Like the holy people I write about in My Peace I Give You: Healing Sexual Wounds with the Help of the Saints, St. Elizabeth, who would be canonized by Pope Paul VI in 1975, is a patron for those who seek healing from the effects of childhood trauma.
Born in New York City, Elizabeth suffered the loss of her mother when she was only a toddler. Soon after, her father remarried and had seven more children by his second wife. By the time Elizabeth was in her mid-teens, her father had separated from her stepmother and moved to England, leaving her with an uncle. Since the stepmother was not interested in maintaining closeness with Elizabeth, the future saint effectively lost a mother for the second time.

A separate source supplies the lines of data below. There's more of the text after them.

Lemma Ele_join_terms G m x : Ele G m x -> join_closure (term G m) x.
Proof.
have Esa := E_subalg (fun k => G k /\ k < m).
have Ssa := S_subalg m.
have term_S s : S m s -> (~ G m -> trivial s) -> term G m s.
  by move=> Ss s01; exists s, \top; split => //; [apply: subalg1 Esa | rewrite meetx1].
have term_E e : Elt G m e -> term G m e.
  move=> Ee; exists \top, e; split => //; last by rewrite meet1x.
  - exact: subalg1 Ssa.
  - by right.
apply: gen_min.
  apply: join_closure_subalg.
  - by apply: term_S; [apply: subalg1 Ssa | right].
  - move=> _ _ [s1 [e1 [S1 t1 E1 ->]]] [s2 [e2 [S2 t2 E2 ->]]].
    exists (s1 `&` s2), (e1 `&` e2); split.
    + exact: subalgI Ssa S1 S2.
    + move=> nG; case: (t1 nG) => ->; first by left; rewrite meet0x.
      by rewrite meet1x; apply: t2.
    + exact: subalgI Esa E1 E2.
    + by rewrite meetACA.
  - move=> _ [s [e [Ss ts Ee ->]]]; rewrite complI.
    apply: join_closureU; apply: join_closure_term.
      apply: term_S; first exact: subalgC Ssa Ss.
      by move=> nG; case: (ts nG) => ->; [right; apply: compl0 | left; apply: compl1].
    by apply: term_E; apply: subalgC Esa Ee.
move=> y [j [[Gj jm] Sy]]; apply: join_closure_term.
case: (eqVneq j m) => [j_eq_m | j_ne_m]; first by apply: term_S; rewrite -j_eq_m.
by apply: term_E; apply: sub_E Sy; split => //; rewrite lt_neqAle j_ne_m.
Qed.

Section Separation.
Variables (n : nat) (Dl : set I) (G : 'I_n -> set I).
Hypotheses (satDl : saturated R S Dl) (satG : forall i, saturated R S (G i)).
Hypothesis Dl_sub_G : forall i k, Dl k -> G i k.
Hypothesis G_disjoint : forall i j, i <> j -> forall k, G i k -> G j k -> Dl k.

Definition separated (x : 'I_n -> T) := exists u : 'I_n -> T,
  (forall i, E S Dl (u i) /\ x i <= u i) /\ \meet_(i < n) u i = \bot.

Definition meet0_separated (x : 'I_n -> T) := \meet_(i < n) x i = \bot -> separated x.

Lemma E0_separated x : (forall i, E0 (x i)) -> meet0_separated x.
Proof. by move=> x0 x_bot; exists x; split => // i; split => //; apply: E0_sub. Qed.

Lemma upd_bot_separated x i : meet0_separated (upd x i \bot).
Proof.
move=> _; exists (upd (fun=> \top) i \bot); split.
  move=> j; rewrite /upd; case: (j == i); split => //;
    by [apply: subalg0 (E_subalg _) | apply: subalg1 (E_subalg _) | apply: lex1].
by apply/eqP; rewrite -lex0; apply: (meets_max (j := i)) => //; rewrite upd_same.
Qed.

Lemma upd_join_separated x i y z : meet0_separated (upd x i y) ->
  meet0_separated (upd x i z) -> meet0_separated (upd x i (y `|` z)).
Proof.
move=> sepy sepz xyz0.
have le_upd w : w <= y `|` z -> \meet_(j < n) upd x i w j <= \meet_(j < n) upd x i (y `|` z) j.
  by move=> wyz; apply: le_bigmeet => j; rewrite /upd; case: eqP.
have [u [uE uy]] : separated (upd x i y).
  by apply: sepy; apply/eqP; rewrite -lex0 -xyz0 le_upd ?leUl.
have [v [vE vz]] : separated (upd x i z).
  by apply: sepz; apply/eqP; rewrite -lex0 -xyz0 le_upd ?leUr.
exists (upd (fun j => u j `&` v j) i (u i `|` v i)); split.
  move=> j; case: (uE j) (vE j) => Eu xu [Ev xv]; rewrite /upd in xu xv *.
  case: eqP => [ji | _] in xu xv *; [rewrite -ji | ]; split.
  - exact: subalgU (E_subalg _) Eu Ev.
  - exact: leU2.
  - exact: subalgI (E_subalg _) Eu Ev.
  - by rewrite lexI xu xv.
apply/eqP; rewrite -lex0; set w := \meet_(j < n) _.
have wi : w <= u i `|` v i by apply: (meets_max (j := i)) => //; rewrite upd_same.
rewrite -(meet_idPl wi) meetUr leUx; apply/andP; split.
  rewrite -uy; apply: meets_ge => j _; case: (eqVneq j i) => [-> | ji]; first exact: leIr.
  by apply: leIxl; apply: (meets_max (j := j)) => //; rewrite /upd (negbTE ji) leIl.
rewrite -vz; apply: meets_ge => j _; case: (eqVneq j i) => [-> | ji]; first exact: leIr.
by apply: leIxl; apply: (meets_max (j := j)) => //; rewrite /upd (negbTE ji) leIr.
Qed.

Section Step.
Variable m : I.
Hypothesis IHm : forall y, (forall i, Elt (G i) m (y i)) -> meet0_separated y.

Lemma Elt_sub_B G' x : Elt G' m x -> B m x.
Proof. by apply: E_sub_B => k []. Qed.

Lemma Dl_terms_separated (s e : 'I_n -> T) : Dl m -> (forall i, S m (s i)) ->
  (forall i, Elt (G i) m (e i)) -> meet0_separated (fun i => s i `&` e i).
Proof.
move=> Dlm Ss Ee se0.
have [r [Rr sr er]] : exists r, [/\ R m r, \meet_(i < n) s i <= r &
    \meet_(i < n) e i `&` r = \bot].
  apply: pushout_separate (pushout_at m) _ _ _.
  - by apply: subalg_meets (B_subalg m) _ => i _; apply: Elt_sub_B (Ee i).
  - by apply: subalg_meets (S_subalg m) _.
  - by rewrite meetC -big_split.
have Er : Elt Dl m r by apply: satDl.
have [v [vE rev]] : separated (fun i => r `&` e i).
  apply: IHm.
    move=> i; apply: subalgI (E_subalg _) _ (Ee i).
    by apply: E_mono Er => k [/(Dl_sub_G i)].
  apply/eqP; rewrite -lex0 -er lexI; apply/andP; split.
    by apply: le_bigmeet => i; apply: leIr.
  apply: (@le_trans _ _ (\meet_(i < n) (r `|` (s i `&` e i)))).
    by apply: le_bigmeet => i; apply: le_trans (leIl _ _) (leUl _ _).
  by rewrite -join_meets se0 joinx0.
exists (fun i => s i `&` (v i `|` ~` r)); split.
  move=> i; have [Ev ev] := vE i; split.
    apply: subalgI (E_subalg _) (sub_E Dlm (Ss i)) _.
    apply: subalgU (E_subalg _) Ev (subalgC (E_subalg _) _).
    by apply: E_mono Er => k [].
  apply: leI2 => //; apply: le_trans (le_meet_join_compl r (e i)) _.
  exact: leU2.
apply/eqP; rewrite -lex0 -rev; apply: meets_ge => j _.
apply: le_trans (meet_join_compl_le r (v j)); rewrite lexI; apply/andP; split.
  by apply: le_trans sr; apply: le_bigmeet => i; apply: leIl.
by apply: (meets_max (j := j)) => //; apply: leIr.
Qed.

Lemma upd_term_separated (z : 'I_n -> T) i0 s : G i0 m -> S m s ->
  (forall i, Elt (G i) m (z i)) -> meet0_separated (upd z i0 (s `&` z i0)).
Proof.
move=> Gi0 Ss Ez; rewrite /meet0_separated meet_upd => sz0.
have [r [Rr sr zr]] : exists r, [/\ R m r, s <= r & \meet_(i < n) z i `&` r = \bot].
  apply: pushout_separate (pushout_at m) _ Ss _; last by rewrite meetC.
  by apply: subalg_meets (B_subalg m) _ => i _; apply: Elt_sub_B (Ez i).
have Er : Elt (G i0) m r by apply: satG.
have [v [vE zv]] : separated (upd z i0 (r `&` z i0)).
  apply: IHm; last by rewrite meet_upd meetC.
  move=> i; rewrite /upd; case: eqP => [-> | _]; last exact: Ez.
  exact: subalgI (E_subalg _) Er (Ez i0).
exists v; split => // i; have [Ev zvi] := vE i; split => //.
by apply: le_trans zvi; rewrite /upd; case: eqP => // _; apply: leI2.
Qed.

End Step.

Definition separated_below (m : I) :=
  forall x, (forall i, Ele (G i) m (x i)) -> meet0_separated x.

Lemma separated_below_step m :
  (forall M, M < m -> separated_below M) -> separated_below m.
Proof.
move=> IH x Ex.
have IHm y : (forall i, Elt (G i) m (y i)) -> meet0_separated y.
  move=> Ey; case: (E_tuple_bounded Ey) => [y0 | [M [[i0 [_ Mm]] yM]]].
    exact: E0_separated.
  by apply: (IH M Mm) => i; apply: E_mono (yM i) => k [[Gk _] kM].
apply: (upd_ind (@upd_bot_separated) (@upd_join_separated) _
  (fun i => Ele_join_terms (Ex i))) => z zt.
have /choice[p pt] : forall i, exists q : T * T,
    [/\ S m q.1, ~ G i m -> trivial q.1, Elt (G i) m q.2 & z i = q.1 `&` q.2].
  by move=> i; have [s [e ?]] := zt i; exists (s, e).
pose s i := (p i).1; pose e i := (p i).2.
have Ss i : S m (s i) by case: (pt i).
have Ee i : Elt (G i) m (e i) by case: (pt i).
have trivial_Elt i : ~ G i m -> Elt (G i) m (s i `&` e i).
  move=> nGi; have [_ /(_ nGi) s01 _ _] := pt i.
  exact: subalgI (E_subalg _) (trivial_subalg (E_subalg _) s01) (Ee i).
have -> : z = fun i => s i `&` e i by apply: funext => i; case: (pt i).
case: (pselect (Dl m)) => [Dlm | nDlm]; first exact: (Dl_terms_separated IHm Dlm Ss Ee).
case: (pselect (exists i0, G i0 m)) => [[i0 Gi0] | nG]; last first.
  by apply: IHm => i; apply: trivial_Elt => Gi; apply: nG; exists i.
pose z' := upd (fun i => s i `&` e i) i0 (e i0).
have -> : (fun i => s i `&` e i) = upd z' i0 (s i0 `&` z' i0).
  by apply: funext => i; rewrite /z' /upd eqxx; case: eqP => // ->.
apply: (upd_term_separated IHm Gi0 (Ss i0)) => i; rewrite /z' /upd.
case: eqP => [-> // | ii0].
by apply: trivial_Elt => Gi; apply: nDlm; exact: (G_disjoint ii0 Gi Gi0).
Qed.

Lemma E_separated x : (forall i, E S (G i) (x i)) -> meet0_separated x.
Proof.
have sep_below m : separated_below m.
  case: Hfilt => wf _; elim/(well_founded_ind wf): m.
  exact: separated_below_step.
by move/E_tuple_bounded => [x0 | [M [_ xM]]]; [apply: E0_separated | apply: sep_below xM].
Qed.

End Separation.

Lemma separated_mono n (Dl Dl' : set I) (x : 'I_n -> T) :
  (forall k, Dl k -> Dl' k) -> separated Dl x -> separated Dl' x.
Proof.
move=> DlDl' [u [uE u0]]; exists u; split => // i.
by have [Eu xu] := uE i; split => //; apply: E_mono Eu.
Qed.

(* For [n <= 1] the hypothesis on [Γ_i ∩ Γ_j] says nothing about [Δ], so
   one separates over the empty set instead. *)
Lemma pairwise_separated n (Delta : set I) (Gamma : 'I_n -> set I) :
  saturated R S Delta -> (forall i, saturated R S (Gamma i)) ->
  (forall i j, i <> j -> (fun k => Gamma i k /\ Gamma j k) = Delta) ->
  forall x, (forall i, E S (Gamma i) (x i)) -> meet0_separated Delta x.
Proof.
move=> satD satG GG x Ex; case: (ltnP 1 n) => [n_gt1 | n_le1].
  apply: E_separated Ex => // [i k | i j ij k Gi Gj]; last by rewrite -(GG i j ij).
  have [j ij] : exists j, i <> j.
    have n_gt0 := ltn_trans (ltn0Sn 0) n_gt1.
    case: (eqVneq i (Ordinal n_gt0)) => [-> | ?]; last by exists (Ordinal n_gt0); apply/eqP.
    by exists (Ordinal n_gt1); move/(congr1 val).
  by rewrite -(GG i j ij) => -[].
have disj (i j : 'I_n) : i <> j -> forall k, Gamma i k -> Gamma j k -> set0 k.
  by case; apply: ord_inj; move: (ltn_ord i) (ltn_ord j); lia.
by move=> x0; apply: separated_mono (E_separated _ _ _ disj Ex x0).
Qed.

End Filtration.

Section Polynomials.
Context {d : Order.disp_t} {T : ctbDistrLatticeType d}.

HB.instance Definition _ := Monoid.isAddLaw.Build T Order.meet Order.join meetUl meetUr.

Definition signed (b : bool) (y : T) := if b then y else ~` y.

Definition atom n (sg : 'I_n -> bool) (x : 'I_n -> T) := \meet_(i < n) signed (sg i) (x i).

Definition boolv n (sg : 'I_n -> bool) : 'I_n -> T := fun i => if sg i then \top else \bot.

Lemma meet_atom_beval n (P : bpoly n) sg (x : 'I_n -> T) :
  atom sg x `&` beval P x = atom sg x `&` beval P (boolv sg).
Proof.
have meet_compl (a p q : T) : a `&` p = a `&` q -> a `&` ~` p = a `&` ~` q.
  have aC r : a `&` ~` r = a `&` ~` (a `&` r) by rewrite complI meetUr meetxC join0x.
  by move=> apq; rewrite aC apq -aC.
have meetIr (a b c : T) : a `&` (b `&` c) = (a `&` b) `&` (a `&` c).
  by rewrite meetACA meetxx.
elim: P => [i| | |p IHp q IHq|p IHp q IHq|p IHp] //=.
- have : atom sg x <= signed (sg i) (x i) by apply: (meets_max (j := i)).
  rewrite /boolv /signed; case: (sg i) => xi; first by rewrite meetx1; apply/meet_idPl.
  by rewrite meetx0; apply/eqP; rewrite -lex0 -(meetCx (x i)) leI2.
- by rewrite meetIr IHp IHq -meetIr.
- by rewrite !meetUr IHp IHq.
- exact: meet_compl.
Qed.

Lemma beval_boolv n (P : bpoly n) sg : trivial (beval P (boolv sg)).
Proof.
rewrite /trivial; elim: P => [i| | |p IHp q IHq|p IHp q IHq|p IHp] /=.
- by rewrite /boolv; case: (sg i); [right | left].
- by left.
- by right.
- by case: IHp => ->; [left; rewrite meet0x | rewrite meet1x].
- by case: IHp => ->; [rewrite join0x | right; rewrite join1x].
- by case: IHp => ->; [right; rewrite compl0 | left; rewrite compl1].
Qed.

Lemma atoms_cover n (x : 'I_n -> T) y :
  (forall sg : {ffun 'I_n -> bool}, atom sg x `&` y = \bot) -> y = \bot.
Proof.
move=> atom_y; rewrite -[y]meetx1.
have <- : \join_(sg : {ffun 'I_n -> bool}) atom sg x = \top.
  rewrite /atom -(bigA_distr_bigA (fun i b => signed b (x i))).
  by apply: big1 => i _; rewrite big_bool /= joinxC.
by rewrite big_distrr /=; apply: big1 => sg _; rewrite meetC.
Qed.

Depression and even thoughts of suicide plagued her during her mid-teens, making her conscious of the God-shaped vacuum in her heart. That longing would eventually lead her to the Catholic Church and the Real Presence of Jesus in the Eucharist.
What I find particularly inspiring about Elizabeth was that, lacking the example of a mother, she was yet able to embody the beautiful mystery of spiritual motherhood to the many young people under her instruction. Here is how she saw her vocation, in her own words:
"I am as a Mother encompassed by many children of different dispositions—not all equally amiable or congenial, but bound to love, instruct, and provide for the happiness of all, to give the example of cheerfulness, Peace, resignation, and consider individuals more as proceeding from the same Origin and tending to the same end than in the different shades of merit or demerit."